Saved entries
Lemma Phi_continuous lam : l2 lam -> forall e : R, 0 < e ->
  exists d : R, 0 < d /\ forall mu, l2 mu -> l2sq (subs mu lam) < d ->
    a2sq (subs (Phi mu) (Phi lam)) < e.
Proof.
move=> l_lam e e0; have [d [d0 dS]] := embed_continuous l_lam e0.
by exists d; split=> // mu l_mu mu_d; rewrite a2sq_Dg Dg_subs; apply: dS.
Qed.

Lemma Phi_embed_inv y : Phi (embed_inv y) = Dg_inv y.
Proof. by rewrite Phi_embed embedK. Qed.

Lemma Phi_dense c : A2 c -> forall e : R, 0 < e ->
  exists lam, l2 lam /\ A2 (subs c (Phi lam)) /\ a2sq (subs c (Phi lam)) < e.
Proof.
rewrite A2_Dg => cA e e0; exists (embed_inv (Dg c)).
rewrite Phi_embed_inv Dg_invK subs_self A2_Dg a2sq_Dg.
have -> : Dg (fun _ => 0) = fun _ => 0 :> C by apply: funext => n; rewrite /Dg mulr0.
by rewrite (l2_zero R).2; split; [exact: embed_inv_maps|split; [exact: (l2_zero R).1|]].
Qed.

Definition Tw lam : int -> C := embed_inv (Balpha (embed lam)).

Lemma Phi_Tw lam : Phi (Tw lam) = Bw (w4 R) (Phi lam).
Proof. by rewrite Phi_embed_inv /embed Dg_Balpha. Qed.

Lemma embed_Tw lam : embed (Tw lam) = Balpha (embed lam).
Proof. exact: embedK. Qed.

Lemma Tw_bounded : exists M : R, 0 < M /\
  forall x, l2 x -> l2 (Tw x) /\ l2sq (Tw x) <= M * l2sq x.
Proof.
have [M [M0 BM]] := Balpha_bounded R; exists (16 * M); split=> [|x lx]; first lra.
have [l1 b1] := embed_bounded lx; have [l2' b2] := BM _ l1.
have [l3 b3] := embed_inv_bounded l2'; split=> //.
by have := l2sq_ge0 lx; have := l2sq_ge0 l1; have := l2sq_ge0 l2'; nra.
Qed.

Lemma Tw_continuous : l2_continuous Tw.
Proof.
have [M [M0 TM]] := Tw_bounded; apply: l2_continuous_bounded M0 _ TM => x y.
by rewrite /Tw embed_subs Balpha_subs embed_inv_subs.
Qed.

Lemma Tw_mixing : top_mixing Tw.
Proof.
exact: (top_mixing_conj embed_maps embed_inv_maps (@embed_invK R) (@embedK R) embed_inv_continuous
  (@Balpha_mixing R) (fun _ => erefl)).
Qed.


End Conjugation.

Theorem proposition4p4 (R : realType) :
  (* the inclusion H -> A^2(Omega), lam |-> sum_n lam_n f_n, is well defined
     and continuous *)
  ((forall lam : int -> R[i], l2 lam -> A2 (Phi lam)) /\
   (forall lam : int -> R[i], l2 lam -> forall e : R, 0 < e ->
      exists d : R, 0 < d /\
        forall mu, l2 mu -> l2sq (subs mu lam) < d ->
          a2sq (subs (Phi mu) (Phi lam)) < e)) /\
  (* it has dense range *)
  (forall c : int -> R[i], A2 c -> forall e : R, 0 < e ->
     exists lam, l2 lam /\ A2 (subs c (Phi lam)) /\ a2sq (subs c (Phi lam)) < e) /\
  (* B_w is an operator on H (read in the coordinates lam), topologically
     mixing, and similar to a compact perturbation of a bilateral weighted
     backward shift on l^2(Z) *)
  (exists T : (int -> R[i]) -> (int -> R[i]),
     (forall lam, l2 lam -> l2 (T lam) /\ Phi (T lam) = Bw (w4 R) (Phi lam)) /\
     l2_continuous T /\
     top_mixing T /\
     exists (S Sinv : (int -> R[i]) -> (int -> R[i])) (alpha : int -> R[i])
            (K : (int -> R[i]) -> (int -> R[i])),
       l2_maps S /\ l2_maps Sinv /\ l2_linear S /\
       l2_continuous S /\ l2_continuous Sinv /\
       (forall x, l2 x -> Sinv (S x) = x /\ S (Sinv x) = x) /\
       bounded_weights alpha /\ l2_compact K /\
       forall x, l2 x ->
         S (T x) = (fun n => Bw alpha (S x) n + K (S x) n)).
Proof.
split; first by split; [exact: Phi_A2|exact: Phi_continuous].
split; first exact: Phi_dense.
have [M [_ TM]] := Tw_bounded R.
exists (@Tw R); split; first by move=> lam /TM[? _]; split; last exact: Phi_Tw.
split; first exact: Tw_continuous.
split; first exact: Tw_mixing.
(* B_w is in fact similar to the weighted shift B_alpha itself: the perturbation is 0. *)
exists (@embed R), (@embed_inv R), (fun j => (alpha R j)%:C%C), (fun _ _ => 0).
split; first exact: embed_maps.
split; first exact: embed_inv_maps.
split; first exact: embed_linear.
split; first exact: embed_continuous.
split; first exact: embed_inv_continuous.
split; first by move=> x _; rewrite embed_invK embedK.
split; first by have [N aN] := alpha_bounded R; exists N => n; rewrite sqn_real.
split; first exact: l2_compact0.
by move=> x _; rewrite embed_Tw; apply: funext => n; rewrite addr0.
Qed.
---
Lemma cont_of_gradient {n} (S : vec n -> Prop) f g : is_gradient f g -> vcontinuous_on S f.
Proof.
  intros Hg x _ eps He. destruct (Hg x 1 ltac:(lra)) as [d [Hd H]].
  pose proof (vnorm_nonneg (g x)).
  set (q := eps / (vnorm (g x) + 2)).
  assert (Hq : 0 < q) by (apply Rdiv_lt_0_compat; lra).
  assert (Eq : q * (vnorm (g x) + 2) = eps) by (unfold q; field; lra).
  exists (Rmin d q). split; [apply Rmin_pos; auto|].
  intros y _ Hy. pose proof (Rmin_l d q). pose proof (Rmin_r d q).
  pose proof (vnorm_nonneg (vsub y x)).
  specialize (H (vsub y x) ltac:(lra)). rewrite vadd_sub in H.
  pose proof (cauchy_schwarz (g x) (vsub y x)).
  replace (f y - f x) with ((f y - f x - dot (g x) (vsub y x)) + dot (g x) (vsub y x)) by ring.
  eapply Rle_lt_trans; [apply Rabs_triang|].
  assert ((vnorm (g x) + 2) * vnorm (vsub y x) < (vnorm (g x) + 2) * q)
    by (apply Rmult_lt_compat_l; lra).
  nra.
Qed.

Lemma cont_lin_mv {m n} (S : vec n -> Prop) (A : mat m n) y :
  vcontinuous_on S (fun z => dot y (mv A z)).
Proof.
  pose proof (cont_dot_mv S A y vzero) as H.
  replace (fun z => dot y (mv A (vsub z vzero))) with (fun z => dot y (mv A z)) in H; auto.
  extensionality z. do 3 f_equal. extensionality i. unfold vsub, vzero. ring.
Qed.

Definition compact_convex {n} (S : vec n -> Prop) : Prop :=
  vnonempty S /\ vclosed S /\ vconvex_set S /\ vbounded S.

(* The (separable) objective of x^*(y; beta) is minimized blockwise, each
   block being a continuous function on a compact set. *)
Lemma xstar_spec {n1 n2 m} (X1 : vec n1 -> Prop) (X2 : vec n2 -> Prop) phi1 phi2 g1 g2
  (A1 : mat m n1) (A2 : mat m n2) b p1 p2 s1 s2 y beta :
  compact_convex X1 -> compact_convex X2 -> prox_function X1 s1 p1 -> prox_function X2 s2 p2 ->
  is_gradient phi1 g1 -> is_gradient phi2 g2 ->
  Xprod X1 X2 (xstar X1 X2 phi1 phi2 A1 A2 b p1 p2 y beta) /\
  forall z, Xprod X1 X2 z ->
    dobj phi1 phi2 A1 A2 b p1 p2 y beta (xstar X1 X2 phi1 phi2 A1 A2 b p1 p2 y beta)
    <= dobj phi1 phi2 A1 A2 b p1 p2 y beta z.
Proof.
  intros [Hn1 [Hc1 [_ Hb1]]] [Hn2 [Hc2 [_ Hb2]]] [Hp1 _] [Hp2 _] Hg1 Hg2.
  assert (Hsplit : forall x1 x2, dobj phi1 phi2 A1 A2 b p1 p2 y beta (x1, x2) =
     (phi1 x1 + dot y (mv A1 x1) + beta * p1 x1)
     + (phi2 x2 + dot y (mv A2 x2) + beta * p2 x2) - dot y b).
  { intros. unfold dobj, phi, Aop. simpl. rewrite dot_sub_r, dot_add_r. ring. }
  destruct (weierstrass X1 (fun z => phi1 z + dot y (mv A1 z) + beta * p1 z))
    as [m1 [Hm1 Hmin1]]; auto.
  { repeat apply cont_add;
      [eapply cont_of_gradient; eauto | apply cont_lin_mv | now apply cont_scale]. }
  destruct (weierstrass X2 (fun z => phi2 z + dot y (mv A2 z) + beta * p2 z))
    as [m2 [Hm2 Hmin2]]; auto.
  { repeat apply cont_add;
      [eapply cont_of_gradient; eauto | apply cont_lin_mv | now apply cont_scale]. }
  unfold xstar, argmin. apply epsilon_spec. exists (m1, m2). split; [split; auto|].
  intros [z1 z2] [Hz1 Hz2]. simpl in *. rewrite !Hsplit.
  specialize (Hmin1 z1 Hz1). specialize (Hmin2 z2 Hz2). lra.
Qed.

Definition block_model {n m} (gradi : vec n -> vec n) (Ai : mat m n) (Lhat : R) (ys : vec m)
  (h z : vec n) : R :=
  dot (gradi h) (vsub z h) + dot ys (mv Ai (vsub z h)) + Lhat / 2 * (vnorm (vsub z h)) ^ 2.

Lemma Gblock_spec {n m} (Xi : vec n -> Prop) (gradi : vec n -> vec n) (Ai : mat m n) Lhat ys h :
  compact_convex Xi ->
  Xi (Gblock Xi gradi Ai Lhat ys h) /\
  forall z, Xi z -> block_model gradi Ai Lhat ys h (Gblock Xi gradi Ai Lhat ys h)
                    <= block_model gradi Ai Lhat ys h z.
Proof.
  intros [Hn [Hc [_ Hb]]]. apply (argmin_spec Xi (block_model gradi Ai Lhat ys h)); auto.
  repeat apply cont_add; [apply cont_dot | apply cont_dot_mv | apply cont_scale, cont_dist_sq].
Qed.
* * *
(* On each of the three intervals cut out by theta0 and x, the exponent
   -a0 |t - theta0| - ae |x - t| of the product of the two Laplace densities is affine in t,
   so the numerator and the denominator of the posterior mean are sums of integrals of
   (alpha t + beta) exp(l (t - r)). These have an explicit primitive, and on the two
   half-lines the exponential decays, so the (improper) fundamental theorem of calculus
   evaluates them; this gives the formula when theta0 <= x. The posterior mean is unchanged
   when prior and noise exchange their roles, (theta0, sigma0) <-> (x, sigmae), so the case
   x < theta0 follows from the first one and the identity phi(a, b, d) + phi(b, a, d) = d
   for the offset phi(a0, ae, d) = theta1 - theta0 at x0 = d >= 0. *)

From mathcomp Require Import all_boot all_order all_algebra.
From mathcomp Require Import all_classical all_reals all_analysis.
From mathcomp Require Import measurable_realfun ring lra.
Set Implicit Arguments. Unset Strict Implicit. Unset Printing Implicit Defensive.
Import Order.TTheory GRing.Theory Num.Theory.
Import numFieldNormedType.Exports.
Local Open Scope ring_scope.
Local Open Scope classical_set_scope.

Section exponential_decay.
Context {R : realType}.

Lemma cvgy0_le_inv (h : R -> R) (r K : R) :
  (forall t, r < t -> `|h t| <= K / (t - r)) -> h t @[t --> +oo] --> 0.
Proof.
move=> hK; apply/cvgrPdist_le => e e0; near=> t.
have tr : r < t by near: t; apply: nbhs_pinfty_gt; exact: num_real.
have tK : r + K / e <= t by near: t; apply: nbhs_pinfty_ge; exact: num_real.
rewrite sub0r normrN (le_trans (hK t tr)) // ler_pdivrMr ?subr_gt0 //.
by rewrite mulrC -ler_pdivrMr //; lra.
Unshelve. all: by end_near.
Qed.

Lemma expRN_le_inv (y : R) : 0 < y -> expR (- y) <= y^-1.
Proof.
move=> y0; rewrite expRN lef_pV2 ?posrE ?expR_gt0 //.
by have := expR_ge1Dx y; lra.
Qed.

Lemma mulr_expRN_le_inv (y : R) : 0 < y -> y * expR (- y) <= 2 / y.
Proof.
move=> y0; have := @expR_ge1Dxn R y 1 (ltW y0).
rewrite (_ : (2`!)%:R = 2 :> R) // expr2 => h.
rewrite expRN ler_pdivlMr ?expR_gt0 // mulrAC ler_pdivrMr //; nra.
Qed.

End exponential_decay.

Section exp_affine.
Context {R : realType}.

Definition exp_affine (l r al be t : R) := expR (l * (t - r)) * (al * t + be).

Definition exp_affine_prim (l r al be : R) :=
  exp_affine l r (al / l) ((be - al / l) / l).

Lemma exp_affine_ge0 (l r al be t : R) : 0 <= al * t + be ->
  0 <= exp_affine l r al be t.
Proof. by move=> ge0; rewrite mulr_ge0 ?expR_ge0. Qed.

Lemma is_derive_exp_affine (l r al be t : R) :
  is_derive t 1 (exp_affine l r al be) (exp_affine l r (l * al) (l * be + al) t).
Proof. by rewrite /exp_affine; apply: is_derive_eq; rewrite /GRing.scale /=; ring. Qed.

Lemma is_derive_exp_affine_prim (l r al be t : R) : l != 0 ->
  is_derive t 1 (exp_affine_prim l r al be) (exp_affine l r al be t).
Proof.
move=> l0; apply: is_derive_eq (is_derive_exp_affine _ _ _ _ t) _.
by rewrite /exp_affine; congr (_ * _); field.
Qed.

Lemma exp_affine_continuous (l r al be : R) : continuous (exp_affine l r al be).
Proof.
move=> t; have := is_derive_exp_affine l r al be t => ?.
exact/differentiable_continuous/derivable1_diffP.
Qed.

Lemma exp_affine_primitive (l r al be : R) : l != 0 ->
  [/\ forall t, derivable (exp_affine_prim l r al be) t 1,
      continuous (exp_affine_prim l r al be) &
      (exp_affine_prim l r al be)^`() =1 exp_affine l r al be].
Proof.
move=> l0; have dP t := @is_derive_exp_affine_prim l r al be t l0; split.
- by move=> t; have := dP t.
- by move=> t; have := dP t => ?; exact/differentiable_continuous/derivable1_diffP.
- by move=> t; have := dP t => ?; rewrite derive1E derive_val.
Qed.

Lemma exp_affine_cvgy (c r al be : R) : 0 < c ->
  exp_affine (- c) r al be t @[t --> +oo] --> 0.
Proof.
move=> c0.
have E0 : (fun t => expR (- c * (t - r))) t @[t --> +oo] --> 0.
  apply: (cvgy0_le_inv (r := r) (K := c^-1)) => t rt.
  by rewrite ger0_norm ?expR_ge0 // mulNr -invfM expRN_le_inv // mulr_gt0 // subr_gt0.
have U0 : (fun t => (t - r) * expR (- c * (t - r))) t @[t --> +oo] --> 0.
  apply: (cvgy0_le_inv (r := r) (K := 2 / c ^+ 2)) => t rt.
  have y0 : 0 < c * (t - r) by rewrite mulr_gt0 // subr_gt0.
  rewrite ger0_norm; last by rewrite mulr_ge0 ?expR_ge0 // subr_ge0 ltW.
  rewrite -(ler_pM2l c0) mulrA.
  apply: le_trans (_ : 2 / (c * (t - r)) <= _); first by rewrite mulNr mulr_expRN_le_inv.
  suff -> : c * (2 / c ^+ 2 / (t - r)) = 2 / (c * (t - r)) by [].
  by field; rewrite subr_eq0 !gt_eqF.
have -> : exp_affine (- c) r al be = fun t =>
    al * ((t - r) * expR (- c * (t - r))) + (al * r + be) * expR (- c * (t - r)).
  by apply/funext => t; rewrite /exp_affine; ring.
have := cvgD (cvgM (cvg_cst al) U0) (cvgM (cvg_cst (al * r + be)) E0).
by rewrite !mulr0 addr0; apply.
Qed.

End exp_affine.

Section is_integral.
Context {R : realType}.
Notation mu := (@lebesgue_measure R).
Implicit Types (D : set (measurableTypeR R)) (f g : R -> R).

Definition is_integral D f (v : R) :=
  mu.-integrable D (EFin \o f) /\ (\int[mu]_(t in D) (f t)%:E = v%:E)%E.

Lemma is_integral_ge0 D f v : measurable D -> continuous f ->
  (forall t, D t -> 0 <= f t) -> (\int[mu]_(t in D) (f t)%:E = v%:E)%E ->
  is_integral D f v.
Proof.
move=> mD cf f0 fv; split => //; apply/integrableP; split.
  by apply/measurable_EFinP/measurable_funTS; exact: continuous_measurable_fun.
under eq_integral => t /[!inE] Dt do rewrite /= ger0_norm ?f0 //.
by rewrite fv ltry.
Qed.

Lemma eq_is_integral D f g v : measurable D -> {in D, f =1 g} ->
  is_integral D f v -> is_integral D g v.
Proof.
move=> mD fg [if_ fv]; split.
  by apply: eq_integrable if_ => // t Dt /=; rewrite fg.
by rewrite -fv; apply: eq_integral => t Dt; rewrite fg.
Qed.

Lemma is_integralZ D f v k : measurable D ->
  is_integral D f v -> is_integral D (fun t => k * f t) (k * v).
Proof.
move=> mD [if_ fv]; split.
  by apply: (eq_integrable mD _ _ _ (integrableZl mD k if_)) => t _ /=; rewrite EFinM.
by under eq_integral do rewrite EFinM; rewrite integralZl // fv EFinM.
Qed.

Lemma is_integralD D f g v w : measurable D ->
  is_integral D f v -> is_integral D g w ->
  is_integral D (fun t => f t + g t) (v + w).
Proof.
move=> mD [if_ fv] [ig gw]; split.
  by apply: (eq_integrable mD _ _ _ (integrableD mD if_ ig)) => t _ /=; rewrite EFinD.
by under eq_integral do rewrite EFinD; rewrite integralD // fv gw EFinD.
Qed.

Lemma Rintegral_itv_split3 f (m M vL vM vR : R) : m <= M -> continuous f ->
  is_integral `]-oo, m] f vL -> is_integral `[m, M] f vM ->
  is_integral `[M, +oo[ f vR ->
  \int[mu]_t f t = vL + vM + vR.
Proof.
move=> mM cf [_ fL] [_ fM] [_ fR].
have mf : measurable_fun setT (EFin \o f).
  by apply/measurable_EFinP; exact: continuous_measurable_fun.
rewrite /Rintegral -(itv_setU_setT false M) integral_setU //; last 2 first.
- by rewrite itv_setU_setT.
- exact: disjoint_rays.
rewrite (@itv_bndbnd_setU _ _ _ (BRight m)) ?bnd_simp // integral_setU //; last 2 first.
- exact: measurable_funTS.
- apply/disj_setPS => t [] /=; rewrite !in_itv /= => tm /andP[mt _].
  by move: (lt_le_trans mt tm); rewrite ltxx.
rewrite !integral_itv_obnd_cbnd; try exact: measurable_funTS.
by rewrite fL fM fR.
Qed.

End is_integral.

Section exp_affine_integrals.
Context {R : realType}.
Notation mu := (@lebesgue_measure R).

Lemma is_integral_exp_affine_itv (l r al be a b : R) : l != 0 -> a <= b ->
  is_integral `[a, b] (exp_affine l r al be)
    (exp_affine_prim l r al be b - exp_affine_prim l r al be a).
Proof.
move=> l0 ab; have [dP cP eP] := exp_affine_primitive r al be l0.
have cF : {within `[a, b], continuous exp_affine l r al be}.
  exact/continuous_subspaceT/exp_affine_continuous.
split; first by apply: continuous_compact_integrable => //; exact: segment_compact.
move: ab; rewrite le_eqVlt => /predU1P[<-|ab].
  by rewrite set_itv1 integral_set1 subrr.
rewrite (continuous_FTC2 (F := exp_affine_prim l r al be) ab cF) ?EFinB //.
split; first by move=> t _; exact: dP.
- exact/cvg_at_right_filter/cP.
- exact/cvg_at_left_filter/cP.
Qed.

Try it
Write down again, exactly as given, only the lines above that fall from the line with "so the numerator" to the line with "x < theta0 follows", inclusive.

Answer space
   so the numerator and the denominator of the posterior mean are sums of integrals of
   (alpha t + beta) exp(l (t - r)). These have an explicit primitive, and on the two
   half-lines the exponential decays, so the (improper) fundamental theorem of calculus
   evaluates them; this gives the formula when theta0 <= x. The posterior mean is unchanged
   when prior and noise exchange their roles, (theta0, sigma0) <-> (x, sigmae), so the case
   x < theta0 follows from the first one and the identity phi(a, b, d) + phi(b, a, d) = d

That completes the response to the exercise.